Brett Paschal, the Director of Bands and Percussion at Lewis & Clark College, has tattoos all over his body, including places that can’t be photographed by the Pioneer Log. Paschal has been in love with tattoos ever since he was eighteen years old.

“I started with one on my ankle, which is a little colonial drum. It has the letters I-W-J-F on it, which stand for “I Will Jam Forever,” Paschal said, explaining that over the years, his body shape has changed so that his drum “looks more like a garbage can.”

Paschal’s most prominent tattoos are the three sea turtles on his left arm. The sea turtle has cultural significance to the Blackfoot Native American tribe, which Paschal’s ancestors belonged to (Paschal himself is not enrolled in the tribe).

The turtle lowest on his arm has sand tracks underneath its flippers; Paschal chose sand tracks because he wanted an image that would suggest the ocean without using bubbles or water. Paschal has another turtle higher up on his left arm that bears a pink handprint on its shell. The little handprint is modeled after his daughter’s hand when she was one week old.

Paschal has a third turtle tattooed onto his left shoulder, with a tree sprouting from its back. He said the tree is a reference to a Native American folktale that explains the creation of the Earth.

“Before there was an Earth, it was just all water. Then the great Sky Mother fell from the clouds, and all the creatures of the ocean wanted to save her, so they piled dirt from the ocean floor on top of the sea turtle.” Paschal doesn’t believe that this story is true, but he “enjoys the folklore” nevertheless.

Not all of Paschal’s tattoos relate to his Blackfoot heritage — he also has a cartoon on his hindquarters. In college, Paschal was a percussionist for many of his school’s  musical productions. Paschal would have to wait underneath the stage for long stretches of time before drumming on cue. To pass the time between his cues, Paschal began reading Bill Watterson’s comic strip series Calvin & Hobbes.

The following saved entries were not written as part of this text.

(* Let $F$ be a global function field with full constant field $\mathbb{F}_q$ and rational places $P_1,\dots,P_n$; fix $m\ge1$. Let $r\ge t\ge0$ and $j_1,\dots,j_m\ge0$ be integers. The set $\mathcal{U}(r,t;j_1,\dots,j_m)$ is nonempty if and only if (i) $mn-(j_1+2j_2+\cdots+mj_m)\le t\le(m+1)n-(2j_1+3j_2+\cdots+(m+1)j_m)$, and (ii) if $mn=t+j_1+2j_2+\cdots+mj_m$ and $r>t$, then there exists a positive divisor of degree $r-t$ whose support is disjoint from $\{P_1,\dots,P_n\}$.
   Context: For a positive divisor $D$: $\overline D=\sum_{i=1}^n\min(m+1,v_{P_i}(D))P_i$, $j_\ell(D)=|\{i:v_{P_i}(D)=m-\ell\}|$. $\mathcal{U}(r,t;j_1,\dots,j_m)$ is the set of positive divisors $D$ of $F$ with $\deg D=r$, $\deg\overline D=t$ and $j_\ell(D)=j_\ell$ for $1\le\ell\le m$. *)

From HB Require Import structures.
From mathcomp Require Import all_boot all_order all_algebra.
From mathcomp Require Import finmap.
Set Implicit Arguments.
Unset Strict Implicit.
Unset Printing Implicit Defensive.
Import Order.TTheory GRing.Theory Num.Theory.
Local Open Scope ring_scope.

(* Abstract model of the divisor group of a function field F:
   [place] is the set of places of F, [pdeg : place -> nat] their degrees. *)
Definition divisor (place : choiceType) := {fsfun place -> int with 0}.

Section Divisors.
Variables (place : choiceType) (pdeg : place -> nat).

Definition vP (D : divisor place) (p : place) : int := D p.

Definition ddeg (D : divisor place) : int :=
  \sum_(p <- finsupp D) (pdeg p)%:Z * vP D p.

Definition positive_div (D : divisor place) : Prop := forall p, 0 <= vP D p.

Variables (n : nat) (P : 'I_n -> place) (m : nat).

Definition Dbar (D : divisor place) : divisor place :=
  [fsfun p in [fset P i | i : 'I_n]%fset => Num.min (m.+1)%:Z (vP D p) | 0].

Definition jl (D : divisor place) (l : nat) : nat :=
  #|[set i : 'I_n | vP D (P i) == m%:Z - l%:Z]|.

(* U(r,t; j_1,...,j_m) (only j 1, ..., j m are used) *)
Definition Uset (r t : int) (j : nat -> nat) (D : divisor place) : Prop :=
  [/\ positive_div D, ddeg D = r, ddeg (Dbar D) = t &
      forall l : nat, (1 <= l <= m)%N -> jl D l = j l].

End Divisors.

From HB Require Import structures.
From mathcomp Require Import all_boot all_order all_algebra.
From mathcomp Require Import finmap.
From mathcomp Require Import zify.
Import Order.TTheory GRing.Theory Num.Theory.
Set Implicit Arguments.
Unset Strict Implicit.
Unset Printing Implicit Defensive.

(* A positive divisor D is determined by its values w_i = v_{P_i}(D) and by its
   part E away from the P_i: deg D = deg E + sum_i w_i, deg Dbar =
   sum_i min(m+1, w_i), and j_l counts the i with w_i = m - l.  Pointwise
   min(m+1, w) + (m - w)_+ = m + [w > m], so summing over i gives
   t + sum_l l j_l = mn + #{i | w_i > m}, and likewise
   t + sum_l (l+1) j_l = mn + #{i | w_i > m} + #{i | w_i < m} <= (m+1)n: this
   is (i).  Conversely, under (i) one takes b = t + sum_l l j_l - mn values
   m+1 and n - sum_l j_l - b values m besides the prescribed ones.  If b > 0
   the excess r - t can be put on a place of value m+1 without changing Dbar
   or the j_l; if b = 0 all w_i <= m, so deg D = t + deg E and the excess
   must be carried by E, which is (ii). *)

Lemma card_set_sum (I : finType) (p : pred I) : #|[set i | p i]| = \sum_i p i.
Proof.
by rewrite -sum1_card big_mkcond /=; apply: eq_bigr => i _; rewrite inE; case: (p i).
Qed.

“I got into reading Calvin & Hobbes, because you could read a comic strip, put it down, play your part, and pick it back up and look at the next one.” To commemorate these experiences, Paschal had the cartoon’s human protagonist tattooed on his posterior.

“Calvin’s holding a pair of drumsticks and he’s turning sideways and he doesn’t have pants on. So it’s his butt on my butt.” Paschal remembers being in a lot of pain when he drove his stick-shift car home after having Calvin tattooed on his rear.

Paschal admits that getting tattooed “definitely gets painful… I can handle three hours of tattooing, but after six or seven minutes we have to take a two-minute break.” However, the pain doesn’t affect his love of body art. “I’ve always wanted to get more tattoos,” Paschal enthused, “Just more and more.”